Section MinRatio.
Variables (R : realType) (d : nat) (Rc p : 'I_d -> R) (pR : R).
Hypotheses (Rc_ge0 : forall i, 0 <= Rc i) (p_gt0 : forall i, 0 < p i) (pR_min : is_pR Rc p pR).

Lemma is_pR_gt0 : 0 < pR.
Proof. by case: pR_min => -[i Ri_gt0 ->] _; rewrite divr_gt0. Qed.

Lemma is_pR_ratio_le1 al i : al <= pR -> al * Rc i / p i <= 1.
Proof.
move=> al_le; have [Ri_gt0|Ri_le0] := ltrP 0 (Rc i).
  case: pR_min => _ /(_ i Ri_gt0) pR_le.
  by rewrite ler_pdivrMr // mul1r -ler_pdivlMr // (le_trans al_le).
suff -> : Rc i = 0 by rewrite mulr0 mul0r.
by apply/le_anti; rewrite Ri_le0 Rc_ge0.
Qed.

End MinRatio.

Section APCGAnalysis.
Variables (R : realType) (m d : nat) (A : 'M[R]_(m, d)) (Ad : 'M[R]_(d, m))
  (fA : 'cV[R]_d -> R) (grad : 'cV[R]_d -> 'cV[R]_d)
  (psi : 'I_d -> R -> R) (prox : 'I_d -> R -> R -> R)
  (M p : 'I_d -> R) (S : R) (theta : 'cV[R]_d) (a A_ alpha : nat -> R).

Local Notation P := (Ad *m A).
Local Notation Rc := (Rcoef Ad A).
Local Notation e := (evec R).

Hypotheses
  (pinvA : is_pinv A Ad)
  (fA_cvx : forall x y, ((grad y)^T *m P *m (x - y)) 0 0 <= fA x - fA y)
  (fA_smooth : forall i x h,
     fA (x + h *: e i) <= fA x + h * grad x i 0 + M i / 2 * h ^+ 2)
  (psi_cvx : forall i, convex_fun (psi i))
  (Rc1_or_psi0 : forall i, Rc i = 1 \/ psi i = (fun _ => 0))
  (proxP : forall i eta z, 0 < eta -> is_prox (psi i) eta z (prox i eta z))
  (p_gt0 : forall i, 0 < p i)
  (p_sum1 : \sum_i p i = 1)
  (M_le : forall i, M i * Rc i / p i ^+ 2 <= S ^+ 2)
  (A0_gt0 : 0 < A_ 0)
  (A_S : forall t, A_ t.+1 = A_ t + a t.+1)
  (a_gt0 : forall t, 0 < a t.+1)
  (a_sqS : forall t, a t.+1 ^+ 2 * S ^+ 2 = A_ t.+1)
  (alphaE : forall t, alpha t = a t.+1 / A_ t.+1)
  (gain_le1 : forall t i, alpha t * Rc i / p i <= 1).

Definition Fobj (x : 'cV[R]_d) := fA x + \sum_i psi i (x i 0).

Definition gain t i := alpha t * Rc i / p i.

Definition eta t i := a t.+1 / p i.

Definition ycoup t (x v : 'cV[R]_d) := (1 - alpha t) *: x + alpha t *: v.

Definition wprox t i (x v : 'cV[R]_d) :=
  prox i (eta t i) (v i 0 - eta t i * grad (ycoup t x v) i 0).

Definition step t i xv :=
  apcg_step grad prox Rc p alpha (fun _ => 0) a (fun _ => 1) t i xv.

Lemma stepE t i x v :
  step t i (x, v) =
  (ycoup t x v + (gain t i * (wprox t i x v - v i 0)) *: e i,
   v + (wprox t i x v - v i 0) *: e i).
Proof.
rewrite /step /apcg_step /=.
rewrite mulr0 subr0 invr1 scale1r mulr1 mul1r scale1r scale0r addr0 -/(ycoup t x v).
have grad_iE (g : 'cV[R]_d) j : (grad_i (fun=> g) i 0) j 0 = (j == i)%:R * g i 0.
  rewrite mxE (bigD1 i) //= big1 ?addr0 => [|k ki]; first by rewrite mxE eqxx andbT.
  by rewrite mxE (negbTE ki) andbF mul0r.
have -> : \col_j (if j == i then prox i (eta t i) ((v - eta t i *: grad_i grad i (ycoup t x v)) i 0)
                  else (v - eta t i *: grad_i grad i (ycoup t x v)) j 0)
          = v + (wprox t i x v - v i 0) *: e i.
  apply/matrixP => j k; rewrite ord1 !mxE.
  have := grad_iE (grad (ycoup t x v)) j; rewrite mxE => ->.
  have := grad_iE (grad (ycoup t x v)) i; rewrite mxE => ->.
  case: eqP => [->|_]; rewrite ?eqxx /= ?mul1r ?mul0r ?mulr0 ?subr0 ?addr0 //.
  by rewrite mulr1 addrCA subrr addr0.
by rewrite /gain subr0 (addrC v) addrK scalerA.
Qed.

Lemma A_gt0 t : 0 < A_ t.
Proof. exact: lt_le_trans A0_gt0 (A_ge_A0 A_S a_gt0 t). Qed.

Lemma A_alpha t : A_ t.+1 * alpha t = a t.+1.
Proof. by rewrite alphaE mulrC divfK // gt_eqF // A_gt0. Qed.

Lemma A_1alpha t : A_ t.+1 * (1 - alpha t) = A_ t.
Proof. by rewrite mulrBr mulr1 A_alpha A_S addrK. Qed.

Lemma alpha_ge0 t : 0 <= alpha t.
Proof. exact/ltW/(alpha_gt0 A_S a_gt0 a_sqS alphaE). Qed.

Lemma alpha_le1 t : alpha t <= 1.
Proof.
have := A_1alpha t; have := A_gt0 t; have := A_gt0 t.+1.
rewrite -subr_ge0; nra.
Qed.

Lemma gain_ge0 t i : 0 <= gain t i.
Proof. by rewrite /gain !mulr_ge0 ?alpha_ge0 ?Rcoef_ge0 // invr_ge0 ltW. Qed.

Lemma gain_decr t i : gain t.+1 i <= gain t i.
Proof.
rewrite /gain ler_pM2r ?invr_gt0 //.
rewrite ler_wpM2r ?Rcoef_ge0 //; exact: (alpha_decr A_S a_gt0 a_sqS alphaE).
Qed.

Local Notation state := (('cV[R]_d * 'cV[R]_d) * ('I_d -> R))%type.

(* The last component is the estimate [hat psi] of the separable part at [x].
   Like the [x]-update, its update is weighted by [gain t i]; this is harmless
   because [R_i = 1] whenever [psi_i] is not zero. *)
Definition aug_step t i (st : state) : state :=
  (step t i st.1,
   fun j => (1 - alpha t) * st.2 j + alpha t * psi j (st.1.2 j 0)
     + (if j == i then gain t i * (psi i ((step t i st.1).2 i 0) - psi i (st.1.2 i 0))
        else 0)).

Lemma aug_stepE t i x v h :
  let w := wprox t i x v in
  aug_step t i ((x, v), h) =
  ((ycoup t x v + (gain t i * (w - v i 0)) *: e i, v + (w - v i 0) *: e i),
   fun j => (1 - alpha t) * h j + alpha t * psi j (v j 0)
     + (if j == i then gain t i * (psi i w - psi i (v i 0)) else 0)).
Proof.
rewrite /aug_step stepE /=; congr pair; apply: funext => j.
by rewrite !mxE eqxx mulr1 addrCA subrr addr0.
Qed.

Definition aug_run k (st : state) (s : seq 'I_d) : state :=
  (foldl (fun kst i => (kst.1.+1, aug_step kst.1 i kst.2)) (k, st) s).2.

Lemma aug_run_apcg (s : seq 'I_d) h :
  (aug_run 0 ((0, 0), h) s).1 = apcg_run grad prox Rc p alpha (fun _ => 0) a (fun _ => 1) s.
Proof.
rewrite /aug_run /apcg_run.
have proj k st : let r := foldl (fun kst i => (kst.1.+1, aug_step kst.1 i kst.2)) (k, st) s in
    (r.1, r.2.1) = foldl (fun kst i => (kst.1.+1, step kst.1 i kst.2)) (k, st.1) s.
  by elim: s k st => [|i s IH] k st //=; rewrite IH.
by rewrite -(proj 0%N ((0, 0), h)).
Qed.

Definition repr_inv t (st : state) :=
  forall j, convex_repr (psi j) (gain t j) (st.1.1 j 0) (st.1.2 j 0) (st.2 j).

Lemma repr_inv_step t i st : repr_inv t st -> repr_inv t.+1 (aug_step t i st).
Proof.
case: st => [[x v] h] inv j; apply: convex_repr_anti (gain_decr t j) _.
have al01 : 0 <= alpha t <= 1 by rewrite alpha_ge0 alpha_le1.
rewrite aug_stepE /ycoup !mxE !andbT.
have [->|ji] := eqVneq j i.
  have := convex_repr_jump (psi_cvx i) (wprox t i x v) al01 (gain_le1 t i) (inv i).
  by rewrite /= -/(gain t i) (eqxx i) !mulr1 addrCA subrr addr0.
rewrite /= (negbTE ji) !mulr0 !addr0.
exact: convex_repr_avg al01 (inv j).
Qed.

Lemma repr_inv_run k st s : repr_inv k st -> repr_inv (k + size s) (aug_run k st s).
Proof.
elim: s k st => [|i s IH] k st inv; first by rewrite addn0.
by rewrite /= -addSnnS; apply/IH/repr_inv_step.
Qed.

Definition lyap t (st : state) :=
  A_ t * (fA st.1.1 + \sum_j st.2 j - Fobj theta) + 1 / 2 * sqnormP Ad A (st.1.2 - theta).

Lemma Rcoef_psiE i y : Rc i * psi i y = psi i y.
Proof. by case: (Rc1_or_psi0 i) => ->; rewrite ?mul1r ?mulr0. Qed.

Lemma fA_three_point t x v :
  A_ t.+1 * fA (ycoup t x v) <= A_ t * fA x + a t.+1 * fA theta
    + a t.+1 * \sum_k grad (ycoup t x v) k 0 * (P *m (v - theta)) k 0.
Proof.
set y := ycoup t x v; set G := (grad y)^T *m P.
have linZ c (u : 'cV[R]_d) : (G *m (c *: u)) 0 0 = c * (G *m u) 0 0.
  by rewrite -scalemxAr mxE.
have linD (u1 u2 : 'cV[R]_d) : (G *m (u1 + u2)) 0 0 = (G *m u1) 0 0 + (G *m u2) 0 0.
  by rewrite mulmxDr mxE.
(* [A_(t+1) y = A_t x + a_(t+1) v] *)
have comb : A_ t *: (x - y) + a t.+1 *: (theta - y) = (- a t.+1) *: (v - theta).
  apply/matrixP => k l; rewrite !mxE -(A_alpha t) -(A_1alpha t); ring.
have lin_comb : A_ t * (G *m (x - y)) 0 0 + a t.+1 * (G *m (theta - y)) 0 0
                = - (a t.+1 * (G *m (v - theta)) 0 0).
  by rewrite -!linZ -linD comb !linZ mulNr.
have cvx_x : A_ t * (G *m (x - y)) 0 0 <= A_ t * (fA x - fA y).
  by rewrite ler_wpM2l ?fA_cvx // ltW ?A_gt0.
have cvx_th : a t.+1 * (G *m (theta - y)) 0 0 <= a t.+1 * (fA theta - fA y).
  by rewrite ler_wpM2l ?fA_cvx // ltW.
rewrite -trmx_mulP_sum -/G A_S; lra.
Qed.

Lemma fA_gain_step t i y dl :
  A_ t.+1 * p i * (fA (y + (gain t i * dl) *: e i) - fA y)
  <= a t.+1 * Rc i * dl * grad y i 0 + Rc i * p i * dl ^+ 2 / 2.
Proof.
have S2_gt0 := sqrS_gt0 A_S a_gt0 a_sqS.
have S_neq0 : S != 0 by rewrite -sqrf_eq0 gt_eqF.
have Ap_gt0 : 0 < A_ t.+1 * p i by rewrite mulr_gt0 ?A_gt0.
set hh := gain t i * dl.
have lin_term : A_ t.+1 * p i * (hh * grad y i 0) = a t.+1 * Rc i * dl * grad y i 0.
  by rewrite /hh /gain alphaE; field; rewrite !gt_eqF ?A_gt0.
(* the step [hh] is tuned so that [S^2 >= M_i R_i / p_i^2] absorbs the curvature *)
have quad_term : A_ t.+1 * p i * (M i / 2 * hh ^+ 2)
                 = M i * Rc i / p i ^+ 2 / S ^+ 2 * (Rc i * p i * dl ^+ 2 / 2).
  by rewrite /hh /gain alphaE -a_sqS; field; rewrite S_neq0 !gt_eqF.
have ratio_le1 : M i * Rc i / p i ^+ 2 / S ^+ 2 <= 1 by rewrite ler_pdivrMr ?mul1r.
have quad_ge0 : 0 <= Rc i * p i * dl ^+ 2 / 2.
  by rewrite divr_ge0 // mulr_ge0 ?sqr_ge0 // mulr_ge0 ?Rcoef_ge0 // ltW.
have := ler_piMl quad_ge0 ratio_le1; rewrite -quad_term => quad_le.
have : fA (y + hh *: e i) - fA y - hh * grad y i 0 - M i / 2 * hh ^+ 2 <= 0.
  by have := fA_smooth i y hh; lra.
rewrite -(pmulr_rle0 _ Ap_gt0) => smooth.
lra.
Qed.

Lemma prox_coord_ineq i (aa pp g vi th q w : R) : 0 < aa -> 0 < pp ->
  w = prox i (aa / pp) (vi - aa / pp * g) -> (Rc i = 1 -> q = w - th) ->
  (aa * g + pp * (w - vi)) * q + aa * Rc i * (psi i w - psi i th) <= 0.
Proof.
move=> aa_gt0 pp_gt0 wE qE; have eta_gt0 : 0 < aa / pp by rewrite divr_gt0.
set z := vi - aa / pp * g.
have -> : aa * g + pp * (w - vi) = pp * (w - z) by rewrite /z; field; rewrite gt_eqF.
have prox_w : is_prox (psi i) (aa / pp) z w by rewrite wE; apply: proxP.
case: (Rc1_or_psi0 i) => [R1|psi0].
  have := is_prox_subgrad th (psi_cvx i) eta_gt0 prox_w.
  rewrite -(ler_pM2l aa_gt0) => subgrad.
  have rescale : aa * ((th - w) * (w - z) / (aa / pp)) = pp * ((th - w) * (w - z)).
    by field; rewrite !gt_eqF.
  rewrite rescale in subgrad.
  rewrite R1 mulr1 (qE R1); nra.
move: prox_w; rewrite psi0 => /(is_prox0 eta_gt0) ->.
by rewrite !subrr !mulr0 mul0r addr0.
Qed.

Lemma lyap_coord t i x v h :
  p i * lyap t.+1 (aug_step t i ((x, v), h)) <=
  p i * (A_ t.+1 * (fA (ycoup t x v) + (1 - alpha t) * \sum_j h j
                    + alpha t * \sum_j psi j (v j 0) - Fobj theta)
         + 1 / 2 * sqnormP Ad A (v - theta))
  - a t.+1 * (grad (ycoup t x v) i 0 * (P *m (v - theta)) i 0
              + Rc i * (psi i (v i 0) - psi i (theta i 0))).
Proof.
rewrite aug_stepE /lyap /=.
set y := ycoup t x v; set w := wprox t i x v; set dl := w - v i 0.
set g : R := grad y i 0; set Q : R := (P *m (v - theta)) i 0.
have sum_h : \sum_j ((1 - alpha t) * h j + alpha t * psi j (v j 0)
                     + (if j == i then gain t i * (psi i w - psi i (v i 0)) else 0))
   = (1 - alpha t) * \sum_j h j + alpha t * \sum_j psi j (v j 0)
     + gain t i * (psi i w - psi i (v i 0)).
  by rewrite !big_split /= -!mulr_sumr -big_mkcond big_pred1_eq.
have sqn : sqnormP Ad A (v + dl *: e i - theta)
           = sqnormP Ad A (v - theta) + 2 * dl * Q + dl ^+ 2 * Rc i.
  by rewrite addrAC sqnormP_addZe.
have smooth := fA_gain_step t i y dl; rewrite -/g in smooth.
have prox_ineq : (a t.+1 * g + p i * dl) * (Q + Rc i * dl)
                 + a t.+1 * Rc i * (psi i w - psi i (theta i 0)) <= 0.
  apply: prox_coord_ineq => // R1.
  by rewrite R1 mul1r /Q Rcoef1_projE // !mxE /dl; lra.
have gain_psi : p i * (A_ t.+1 * (gain t i * (psi i w - psi i (v i 0))))
                = a t.+1 * Rc i * (psi i w - psi i (v i 0)).
  by rewrite /gain alphaE; field; rewrite !gt_eqF ?A_gt0.
rewrite sum_h sqn; lra.
Qed.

__WHAT YOU ARE ASKED TO DO__.
In how many lines of the material does the word "addrK" appear? Respond with the number only.

__SOLVED EXERCISE__.
2